### [The records]
(* Let $f=0$ be a structurally nonsingular DAE in $x:\mathbb{R}\to\mathbb{R}^n$, let $(p,q)$ be an optimal solution to $(\mathrm{D}_f)$, let $J=J_f^{p,q}$ be the associated system Jacobian, and let $(U,V)$ be a pair of nonsingular constant matrices $U,V\in\mathbb{R}^{n\times n}$ with $\operatorname{trank}(UJV)<n$ such that $U$ is upper-triangular along $p$ and $V$ is upper-triangular along $q$. Define the DAE $f'=0$ in the new variable $y:\mathbb{R}\to\mathbb{R}^n$ by $f'(y,\dot y,\dots,t):=U(D_t)\,f\big(V(D_t)y,\,V(D_t)\dot y,\,\dots,\,V(D_t)y^{(k)},\,t\big)$, where $U(D_t)=\operatorname{diag}\{D_t^{-p_i}\}\,U\,\operatorname{diag}\{D_t^{p_i}\}$ and $V(D_t)=\operatorname{diag}\{D_t^{-q_i}\}\,V\,\operatorname{diag}\{D_t^{q_i}\}$. Then $\hat\delta_{f'}<\hat\delta_f$.
   Context: A DAE is $f(x,\dot x,\dots,x^{(k)},t)=0$ with $f:\mathbb{R}^{n(k+1)+1}\to\mathbb{R}^n$ smooth. Its $\sigma$-function is $\sigma_f(i,j)=\max\{l\in\mathbb{Z}_{\ge0}:\partial f_i/\partial x_j^{(l)}\not\equiv0\}$ (with $\max\emptyset=-\infty$). $(\mathrm{D}_f)$ is the problem: minimize $\sum_j q_j-\sum_i p_i$ subject to $q_j-p_i\ge\sigma_f(i,j)$, $p_i,q_j\in\mathbb{Z}_{\ge0}$ for all $i,j\in[n]$; $\hat\delta_f$ is its optimal value ($-\infty$ if infeasible/unbounded), and $f=0$ is structurally nonsingular if $\hat\delta_f\neq-\infty$. For an optimal $(p,q)$, the system Jacobian is the functional matrix $J_f^{p,q}=\big(\partial f_i/\partial x_j^{(q_j-p_i)}\big)_{ij}$ (entries with $q_j-p_i$ not a valid derivative order are zero). The term-rank $\operatorname{trank}M$ is the maximum number of entries not identically zero with no two in a common row or column. A matrix $U$ is upper-triangular along an integer sequence $p$ if $U_{ij}=0$ whenever $p_i>p_j$. $D_t=\mathrm{d}/\mathrm{d}t$; by the triangularity assumptions all entries of $U(D_t),V(D_t)$ are polynomials in $D_t$, explicitly $(U(D_t)f)_i=\sum_k U_{ik}f_k^{(p_k-p_i)}$ and $(V(D_t)y^{(l)})_m=\sum_j V_{mj}y_j^{(q_j-q_m+l)}$. *)

From HB Require Import structures.
From mathcomp Require Import all_boot all_order all_algebra.
From mathcomp Require Import all_classical all_reals all_analysis.
Set Implicit Arguments. Unset Strict Implicit. Unset Printing Implicit Defensive.
Import Order.TTheory GRing.Theory Num.Theory.
Import numFieldNormedType.Exports.
Local Open Scope ring_scope.
Local Open Scope classical_set_scope.

Fixpoint iterD {R : realType} {V W : normedModType R} (vs : seq V) (g : V -> W)
  : V -> W :=
  match vs with
  | [::] => g
  | v :: vs' => fun x => derive (iterD vs' g) x v
  end.

Definition smooth {R : realType} {V W : normedModType R} (g : V -> W) : Prop :=
  forall (vs : seq V) (x : V), differentiable (iterD vs g) x.

(* X l j stands for the variable x_j^{(l)} *)
Definition jet (R : realType) (n : nat) := nat -> 'I_n -> R.

(* the point (x, x', ..., x^{(k)}, t) of R^{n(k+1)+1} *)
Definition jetpt {R : realType} {n : nat} (k : nat) (X : jet R n) (t : R)
  : 'rV[R]_(k.+1 * n + 1) :=
  row_mx (mxvec (\matrix_(l < k.+1, j < n) X (nat_of_ord l) j)) (\row_(_ < 1) t).

Definition daelift {R : realType} {n k : nat} (f : 'rV[R]_(k.+1 * n + 1) -> 'rV[R]_n)
  (X : jet R n) (t : R) (i : 'I_n) : R := f (jetpt k X t) ord0 i.

Definition jset {R : realType} {n : nat} (X : jet R n) (l : nat) (j : 'I_n) (s : R)
  : jet R n := fun l' j' => if (l' == l) && (j' == j) then s else X l' j'.

Definition pdx {R : realType} {n : nat} (g : jet R n -> R -> R) (l : nat) (j : 'I_n)
  (X : jet R n) (t : R) : R :=
  derive1 (fun s => g (jset X l j s) t) (X l j).

Definition pdt {R : realType} {n : nat} (g : jet R n -> R -> R) (X : jet R n) (t : R) : R :=
  derive1 (fun s => g X s) t.

(* total time derivative D_t of a function depending on jets of order <= K *)
Definition Dt {R : realType} {n : nat} (K : nat) (g : jet R n -> R -> R)
  (X : jet R n) (t : R) : R :=
  \sum_(l < K.+1) \sum_(j < n) pdx g l j X t * X l.+1 j + pdt g X t.

Fixpoint Dtn {R : realType} {n : nat} (K m : nat) (g : jet R n -> R -> R)
  : jet R n -> R -> R :=
  match m with
  | 0 => g
  | m'.+1 => Dt (K + m') (Dtn K m' g)
  end.

(* sigma(i,j) = max {l | d g_i / d x_j^{(l)} not identically zero}, max {} = -oo *)
Definition sigma {R : realType} {n : nat} (g : jet R n -> R -> 'I_n -> R)
  (i j : 'I_n) : \bar R :=
  ereal_sup [set (l%:R)%:E | l in
     [set l : nat | exists (X : jet R n) (t : R), pdx (fun X t => g X t i) l j X t != 0]].

Definition feasible {R : realType} {n : nat} (sg : 'I_n -> 'I_n -> \bar R)
  (p q : 'I_n -> nat) : Prop :=
  forall i j : 'I_n, (sg i j <= ((q j)%:R - (p i)%:R)%:E)%E.

Definition objective {R : realType} {n : nat} (p q : 'I_n -> nat) : R :=
  \sum_(j < n) (q j)%:R - \sum_(i < n) (p i)%:R.

(* optimal value of (D_g); -oo if infeasible or unbounded *)
Definition dhat {R : realType} {n : nat} (sg : 'I_n -> 'I_n -> \bar R) : \bar R :=
  if `[< exists p q, feasible sg p q >] then
    ereal_inf [set x | exists p q, feasible sg p q /\ x = (@objective R n p q)%:E]
  else -oo%E.

Definition optimal {R : realType} {n : nat} (sg : 'I_n -> 'I_n -> \bar R)
  (p q : 'I_n -> nat) : Prop :=
  feasible sg p q /\
  forall p' q', feasible sg p' q' -> @objective R n p q <= @objective R n p' q'.

Definition sysJac {R : realType} {n k : nat} (f : 'rV[R]_(k.+1 * n + 1) -> 'rV[R]_n)
  (p q : 'I_n -> nat) (i j : 'I_n) : jet R n -> R -> R :=
  fun X t => if (p i <= q j)%N then pdx (fun X t => daelift f X t i) (q j - p i) j X t
             else 0.

Definition mulF {R : realType} {n : nat} (U : 'M[R]_n) (J : 'I_n -> 'I_n -> jet R n -> R -> R)
  (V : 'M[R]_n) (i j : 'I_n) : jet R n -> R -> R :=
  fun X t => \sum_(a < n) \sum_(b < n) U i a * J a b X t * V b j.

Definition partial_matching {n : nat} (S : {set 'I_n * 'I_n}) : bool :=
  [forall x in S, forall y in S, (x != y) ==> ((x.1 != y.1) && (x.2 != y.2))].

Definition trank {R : realType} {n : nat} (M : 'I_n -> 'I_n -> jet R n -> R -> R) : nat :=
  \max_(S : {set 'I_n * 'I_n} | partial_matching S &&
        [forall x in S, `[< exists (X : jet R n) (t : R), M x.1 x.2 X t != 0 >]]) #|S|.

Definition upper_along {R : realType} {n : nat} (p : 'I_n -> nat) (U : 'M[R]_n) : Prop :=
  forall i j : 'I_n, (p j < p i)%N -> U i j = 0.

(* (V(D_t) y^{(l)})_m = sum_j V_mj y_j^{(q_j - q_m + l)} *)
Definition substV {R : realType} {n : nat} (q : 'I_n -> nat) (V : 'M[R]_n) (Y : jet R n)
  : jet R n :=
  fun l m => \sum_(j < n) V m j * Y (q j - q m + l)%N j.

(* f'(y, y', ..., t)_i = sum_a U_ia D_t^{p_a - p_i} [ f_a(V(D_t)y, V(D_t)y', ..., t) ];
   the composed function has order <= k + max_j q_j *)
Definition fprime {R : realType} {n k : nat} (f : 'rV[R]_(k.+1 * n + 1) -> 'rV[R]_n)
  (p q : 'I_n -> nat) (U V : 'M[R]_n) : jet R n -> R -> 'I_n -> R :=
  fun Y t i => \sum_(a < n) U i a *
     Dtn (k + \max_(j < n) q j) (p a - p i) (fun Y t => daelift f (substV q V Y) t a) Y t.

(* Row i of f' involves y_j^(l) only for l <= q_j - p_i, and its partial
   derivative in the top variable y_j^(q_j - p_i) is the entry (U J V)_ij
   evaluated at V(D_t) y: each total derivative D_t raises the top order by
   exactly one, and the chain rule through y |-> V(D_t) y contributes the
   factor V.  Call (i, j) tight when that derivative is not identically zero.
   As trank (U J V) < n, the tight relation has no perfect matching, so by
   Hall's theorem some set A of rows has fewer tight columns N(A) than |A|.
   Raising p on A and q on N(A) by one keeps the dual problem of f' feasible
   and lowers the objective by |A| - |N(A)| > 0, below the optimum of f. *)

From HB Require Import structures.
From mathcomp Require Import all_boot zify.
Set Implicit Arguments. Unset Strict Implicit. Unset Printing Implicit Defensive.

Section HallMarriage.
Variable I : finType.
Implicit Types (T : rel I) (A B C E : {set I}).

Definition nbr T A : {set I} := [set j | [exists i in A, T i j]].

Definition avoiding T E : rel I := fun i j => T i j && (j \notin E).

Definition hall_condition T A := forall B, B \subset A -> #|B| <= #|nbr T B|.

Definition matchable T A :=
  exists2 g : I -> I, {in A &, injective g} & {in A, forall i, T i (g i)}.

Lemma nbrP T A j : reflect (exists2 i, i \in A & T i j) (j \in nbr T A).
Proof. by rewrite inE; apply: (iffP exists_inP) => -[i]; exists i. Qed.

Lemma mem_nbr T A i j : i \in A -> T i j -> j \in nbr T A.
Proof. by move=> iA Tij; apply/nbrP; exists i. Qed.

Lemma nbrU T A B : nbr T (A :|: B) = nbr T A :|: nbr T B.
Proof.
apply/setP => j; rewrite in_setU; apply/nbrP/orP => [[i]|].
  by rewrite inE => /orP[] iX Tij; [left|right]; apply: mem_nbr Tij.
by case=> /nbrP[i iX Tij]; exists i; rewrite // inE iX ?orbT.
Qed.

Lemma nbr_avoiding T E A : nbr (avoiding T E) A = nbr T A :\: E.
Proof.
apply/setP => j; rewrite in_setD andbC; apply/nbrP/andP => [[i iA /andP[Tij jE]]|].
  by split; first exact: mem_nbr Tij.
by case=> /nbrP[i iA Tij] jE; exists i; rewrite // /avoiding Tij.
Qed.

Lemma matchable_glue T A B E (g : I -> I) :
    {in B &, injective g} -> {in B, forall i, T i (g i) && (g i \in E)} ->
  matchable (avoiding T E) (A :\: B) -> matchable T A.
Proof.
move=> inj_g Tg [h inj_h Th].
have hE z : z \in A -> z \notin B -> T z (h z) && (h z \notin E).
  by move=> zA zB; apply: Th; rewrite inE zB.
exists (fun i => if i \in B then g i else h i) => [x y xA yA | i iA] /=.
  case: ifPn => xB; case: ifPn => yB.
  - exact: inj_g.
  - by move=> gh; case/andP: (hE y yA yB) => _; rewrite -gh (andP (Tg x xB)).2.
  - by move=> hg; case/andP: (hE x xA xB) => _; rewrite hg (andP (Tg y yB)).2.
  - by apply: inj_h; rewrite inE ?xB ?yB.
by case: ifPn => iB; [case/andP: (Tg i iB) | case/andP: (hE i iA iB)].
Qed.

Lemma hall_condition_critical T A B :
    hall_condition T A -> B \subset A -> #|nbr T B| <= #|B| ->
  hall_condition (avoiding T (nbr T B)) (A :\: B).
Proof.
move=> hallA BA nbrB C; rewrite subsetD -setI_eq0 => /andP[CA /eqP CB0].
have := hallA (C :|: B); rewrite subUset CA BA => /(_ isT).
rewrite nbrU !cardsU CB0 cards0 subn0 nbr_avoiding cardsD.
have := subset_leq_card (subsetIl (nbr T C) (nbr T B)).
lia.
Qed.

### [Exercise aim]
Set down, exactly as written, each line of the data from its opening line through the one containing "From mathcomp Require Import all_classical". Output nothing more.

### [Response area]
(* Let $f=0$ be a structurally nonsingular DAE in $x:\mathbb{R}\to\mathbb{R}^n$, let $(p,q)$ be an optimal solution to $(\mathrm{D}_f)$, let $J=J_f^{p,q}$ be the associated system Jacobian, and let $(U,V)$ be a pair of nonsingular constant matrices $U,V\in\mathbb{R}^{n\times n}$ with $\operatorname{trank}(UJV)<n$ such that $U$ is upper-triangular along $p$ and $V$ is upper-triangular along $q$. Define the DAE $f'=0$ in the new variable $y:\mathbb{R}\to\mathbb{R}^n$ by $f'(y,\dot y,\dots,t):=U(D_t)\,f\big(V(D_t)y,\,V(D_t)\dot y,\,\dots,\,V(D_t)y^{(k)},\,t\big)$, where $U(D_t)=\operatorname{diag}\{D_t^{-p_i}\}\,U\,\operatorname{diag}\{D_t^{p_i}\}$ and $V(D_t)=\operatorname{diag}\{D_t^{-q_i}\}\,V\,\operatorname{diag}\{D_t^{q_i}\}$. Then $\hat\delta_{f'}<\hat\delta_f$.
   Context: A DAE is $f(x,\dot x,\dots,x^{(k)},t)=0$ with $f:\mathbb{R}^{n(k+1)+1}\to\mathbb{R}^n$ smooth. Its $\sigma$-function is $\sigma_f(i,j)=\max\{l\in\mathbb{Z}_{\ge0}:\partial f_i/\partial x_j^{(l)}\not\equiv0\}$ (with $\max\emptyset=-\infty$). $(\mathrm{D}_f)$ is the problem: minimize $\sum_j q_j-\sum_i p_i$ subject to $q_j-p_i\ge\sigma_f(i,j)$, $p_i,q_j\in\mathbb{Z}_{\ge0}$ for all $i,j\in[n]$; $\hat\delta_f$ is its optimal value ($-\infty$ if infeasible/unbounded), and $f=0$ is structurally nonsingular if $\hat\delta_f\neq-\infty$. For an optimal $(p,q)$, the system Jacobian is the functional matrix $J_f^{p,q}=\big(\partial f_i/\partial x_j^{(q_j-p_i)}\big)_{ij}$ (entries with $q_j-p_i$ not a valid derivative order are zero). The term-rank $\operatorname{trank}M$ is the maximum number of entries not identically zero with no two in a common row or column. A matrix $U$ is upper-triangular along an integer sequence $p$ if $U_{ij}=0$ whenever $p_i>p_j$. $D_t=\mathrm{d}/\mathrm{d}t$; by the triangularity assumptions all entries of $U(D_t),V(D_t)$ are polynomials in $D_t$, explicitly $(U(D_t)f)_i=\sum_k U_{ik}f_k^{(p_k-p_i)}$ and $(V(D_t)y^{(l)})_m=\sum_j V_{mj}y_j^{(q_j-q_m+l)}$. *)

From HB Require Import structures.
From mathcomp Require Import all_boot all_order all_algebra.
From mathcomp Require Import all_classical all_reals all_analysis.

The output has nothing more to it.